(Stored data)
━━━━━━
(* Suppose $H$ is a degenerate hypergraph. Then every subgraph of $H$ is degenerate, and every blowup $H(s_1,\dots,s_m)$ of $H$ is degenerate. Moreover, any subgraph of a blowup of a flag is degenerate.
   Context: A hypergraph $H=(V,E)$ has finite vertex set $V$ and edge set $E\subseteq 2^V$; $R(H)=\{|F|:F\in E\}$. $H_1\subseteq H_2$ (subgraph) means there is an injective $f\colon V(H_1)\to V(H_2)$ with $f(F)\in E(H_2)$ for all $F\in E(H_1)$. For $G$ on $n$ vertices, $h_n(G)=\sum_{F\in E(G)}1/\binom{n}{|F|}$; $\pi_n(H)=\max\{h_n(G): G\text{ on } n \text{ vertices}, R(G)\subseteq R(H), H\not\subseteq G\}$ and $\pi(H)=\lim_n\pi_n(H)$. $H$ is degenerate if $\pi(H)=|R(H)|-1$. For $H$ on vertex set $\{1,\dots,m\}$ and positive integers $s_i$, the blowup $H(s_1,\dots,s_m)$ has vertex set $V_1\sqcup\dots\sqcup V_m$, $|V_i|=s_i$, and edge set $\bigcup_{F\in E(H)}\prod_{i\in F}V_i$. A flag is a hypergraph having exactly one edge of each size in its set of edge types. *)

From HB Require Import structures.
From mathcomp Require Import all_boot all_order all_algebra.
From mathcomp Require Import all_classical all_reals all_analysis.
Set Implicit Arguments. Unset Strict Implicit. Unset Printing Implicit Defensive.
Import Order.TTheory GRing.Theory Num.Theory.
Import numFieldNormedType.Exports.
Local Open Scope ring_scope.

(* A hypergraph on the finite vertex type V is its edge set E ⊆ 2^V,
   i.e. an element of {set {set V}}. *)

Definition edge_types (V : finType) (H : {set {set V}}) : seq nat :=
  undup [seq #|F| | F : {set V} in H].

Definition subgraph (V1 V2 : finType) (H1 : {set {set V1}}) (H2 : {set {set V2}})
  : bool :=
  [exists f : {ffun V1 -> V2}, injectiveb f && [forall F in H1, (f @: F) \in H2]].

Definition hdens (R : realType) (n : nat) (G : {set {set 'I_n}}) : R :=
  \sum_(F in G) ('C(n, #|F|))%:R^-1.

(* pi_n(H): maximum of h_n(G) over G on n vertices with R(G) ⊆ R(H)
   and H not a subgraph of G (values are >= 0, so 0 is a neutral start). *)
Definition pi_n (R : realType) (V : finType) (H : {set {set V}}) (n : nat) : R :=
  \big[Num.max/0]_(G : {set {set 'I_n}} |
        all (fun k => k \in edge_types H) (edge_types G) && ~~ subgraph H G)
     hdens R G.

Local Open Scope classical_set_scope.
Definition degenerate (R : realType) (V : finType) (H : {set {set V}}) : Prop :=
  pi_n R H @ \oo --> ((size (edge_types H))%:R - 1 : R).

Local Close Scope classical_set_scope.

(* Blowup H(s): vertex set {i : V & 'I_(s i)} = disjoint union of the V_i;
   edges are {(i, g i) : i in F} for F in E(H) and g a choice of one vertex
   in each part, i.e. the union over F of prod_{i in F} V_i. *)
Definition blowup (V : finType) (H : {set {set V}}) (s : V -> nat)
  : {set {set {i : V & 'I_(s i)}}} :=
  [set S : {set {i : V & 'I_(s i)}} |
     [exists F in H, exists g : {dffun forall i : V, 'I_(s i)},
        S == [set Tagged (fun i => 'I_(s i)) (g i) | i in F]]].

Definition is_flag (V : finType) (H : {set {set V}}) : Prop :=
  forall F1 F2, F1 \in H -> F2 \in H -> #|F1| = #|F2| -> F1 = F2.

From HB Require Import structures.
From mathcomp Require Import all_boot all_order all_algebra all_fingroup.
From mathcomp Require Import all_classical all_reals all_analysis.
From mathcomp Require Import lra zify ring.
Import Order.TTheory GRing.Theory Num.Theory.
Set Implicit Arguments. Unset Strict Implicit. Unset Printing Implicit Defensive.
Local Open Scope ring_scope.

(* The bound [pi_n(H) >= |R(H)| - 1] always holds for [n >= |V(H)|]: take the
   complete layers of all edge sizes of [H] but one.  So [H] is degenerate iff
   [pi_n(H) <= |R(H)| - 1 + e] eventually, for every [e > 0].
   Subgraphs: adding to an [H']-free [G] the complete layers of the sizes in
   [R(H) \ R(H')] keeps it [H]-free, so the excess [pi_n - |R| + 1] can only
   shrink when passing from [H] to [H'].
   Flags: an injection [V(H) -> [n]] maps at most [|H| - 1 = |R(H)| - 1] edges of
   the flag [H] into an [H]-free [G], and on average it maps [h_n(G)] of them.
   Blowups (supersaturation): if [h_n(G) > |R(H)| - 1 + e], a positive fraction
   of the pullbacks of [G] to a fixed [[m]] are denser than [pi_m(H)] and so
   contain [H]; some copy of [H] recurs in a positive fraction of the injections
   [[m] -> [n]], and Erdős' box theorem for dense sets of [m]-tuples turns these
   recurrences into a copy of the blowup. *)

Section EdgeTypes.
Variable V : finType.
Implicit Types H : {set {set V}}.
━━━━━━
• _Prompt_:
Every line of the data above is to be copied out exactly.

• _Answer to this problem_:
(* Suppose $H$ is a degenerate hypergraph. Then every subgraph of $H$ is degenerate, and every blowup $H(s_1,\dots,s_m)$ of $H$ is degenerate. Moreover, any subgraph of a blowup of a flag is degenerate.
   Context: A hypergraph $H=(V,E)$ has finite vertex set $V$ and edge set $E\subseteq 2^V$; $R(H)=\{|F|:F\in E\}$. $H_1\subseteq H_2$ (subgraph) means there is an injective $f\colon V(H_1)\to V(H_2)$ with $f(F)\in E(H_2)$ for all $F\in E(H_1)$. For $G$ on $n$ vertices, $h_n(G)=\sum_{F\in E(G)}1/\binom{n}{|F|}$; $\pi_n(H)=\max\{h_n(G): G\text{ on } n \text{ vertices}, R(G)\subseteq R(H), H\not\subseteq G\}$ and $\pi(H)=\lim_n\pi_n(H)$. $H$ is degenerate if $\pi(H)=|R(H)|-1$. For $H$ on vertex set $\{1,\dots,m\}$ and positive integers $s_i$, the blowup $H(s_1,\dots,s_m)$ has vertex set $V_1\sqcup\dots\sqcup V_m$, $|V_i|=s_i$, and edge set $\bigcup_{F\in E(H)}\prod_{i\in F}V_i$. A flag is a hypergraph having exactly one edge of each size in its set of edge types. *)

From HB Require Import structures.
From mathcomp Require Import all_boot all_order all_algebra.
From mathcomp Require Import all_classical all_reals all_analysis.
Set Implicit Arguments. Unset Strict Implicit. Unset Printing Implicit Defensive.
Import Order.TTheory GRing.Theory Num.Theory.
Import numFieldNormedType.Exports.
Local Open Scope ring_scope.

(* A hypergraph on the finite vertex type V is its edge set E ⊆ 2^V,
   i.e. an element of {set {set V}}. *)

Definition edge_types (V : finType) (H : {set {set V}}) : seq nat :=
  undup [seq #|F| | F : {set V} in H].

Definition subgraph (V1 V2 : finType) (H1 : {set {set V1}}) (H2 : {set {set V2}})
  : bool :=
  [exists f : {ffun V1 -> V2}, injectiveb f && [forall F in H1, (f @: F) \in H2]].

Definition hdens (R : realType) (n : nat) (G : {set {set 'I_n}}) : R :=
  \sum_(F in G) ('C(n, #|F|))%:R^-1.

(* pi_n(H): maximum of h_n(G) over G on n vertices with R(G) ⊆ R(H)
   and H not a subgraph of G (values are >= 0, so 0 is a neutral start). *)
Definition pi_n (R : realType) (V : finType) (H : {set {set V}}) (n : nat) : R :=
  \big[Num.max/0]_(G : {set {set 'I_n}} |
        all (fun k => k \in edge_types H) (edge_types G) && ~~ subgraph H G)
     hdens R G.

Local Open Scope classical_set_scope.
Definition degenerate (R : realType) (V : finType) (H : {set {set V}}) : Prop :=
  pi_n R H @ \oo --> ((size (edge_types H))%:R - 1 : R).

Local Close Scope classical_set_scope.

(* Blowup H(s): vertex set {i : V & 'I_(s i)} = disjoint union of the V_i;
   edges are {(i, g i) : i in F} for F in E(H) and g a choice of one vertex
   in each part, i.e. the union over F of prod_{i in F} V_i. *)
Definition blowup (V : finType) (H : {set {set V}}) (s : V -> nat)
  : {set {set {i : V & 'I_(s i)}}} :=
  [set S : {set {i : V & 'I_(s i)}} |
     [exists F in H, exists g : {dffun forall i : V, 'I_(s i)},
        S == [set Tagged (fun i => 'I_(s i)) (g i) | i in F]]].

Definition is_flag (V : finType) (H : {set {set V}}) : Prop :=
  forall F1 F2, F1 \in H -> F2 \in H -> #|F1| = #|F2| -> F1 = F2.

From HB Require Import structures.
From mathcomp Require Import all_boot all_order all_algebra all_fingroup.
From mathcomp Require Import all_classical all_reals all_analysis.
From mathcomp Require Import lra zify ring.
Import Order.TTheory GRing.Theory Num.Theory.
Set Implicit Arguments. Unset Strict Implicit. Unset Printing Implicit Defensive.
Local Open Scope ring_scope.

(* The bound [pi_n(H) >= |R(H)| - 1] always holds for [n >= |V(H)|]: take the
   complete layers of all edge sizes of [H] but one.  So [H] is degenerate iff
   [pi_n(H) <= |R(H)| - 1 + e] eventually, for every [e > 0].
   Subgraphs: adding to an [H']-free [G] the complete layers of the sizes in
   [R(H) \ R(H')] keeps it [H]-free, so the excess [pi_n - |R| + 1] can only
   shrink when passing from [H] to [H'].
   Flags: an injection [V(H) -> [n]] maps at most [|H| - 1 = |R(H)| - 1] edges of
   the flag [H] into an [H]-free [G], and on average it maps [h_n(G)] of them.
   Blowups (supersaturation): if [h_n(G) > |R(H)| - 1 + e], a positive fraction
   of the pullbacks of [G] to a fixed [[m]] are denser than [pi_m(H)] and so
   contain [H]; some copy of [H] recurs in a positive fraction of the injections
   [[m] -> [n]], and Erdős' box theorem for dense sets of [m]-tuples turns these
   recurrences into a copy of the blowup. *)

Section EdgeTypes.
Variable V : finType.
Implicit Types H : {set {set V}}.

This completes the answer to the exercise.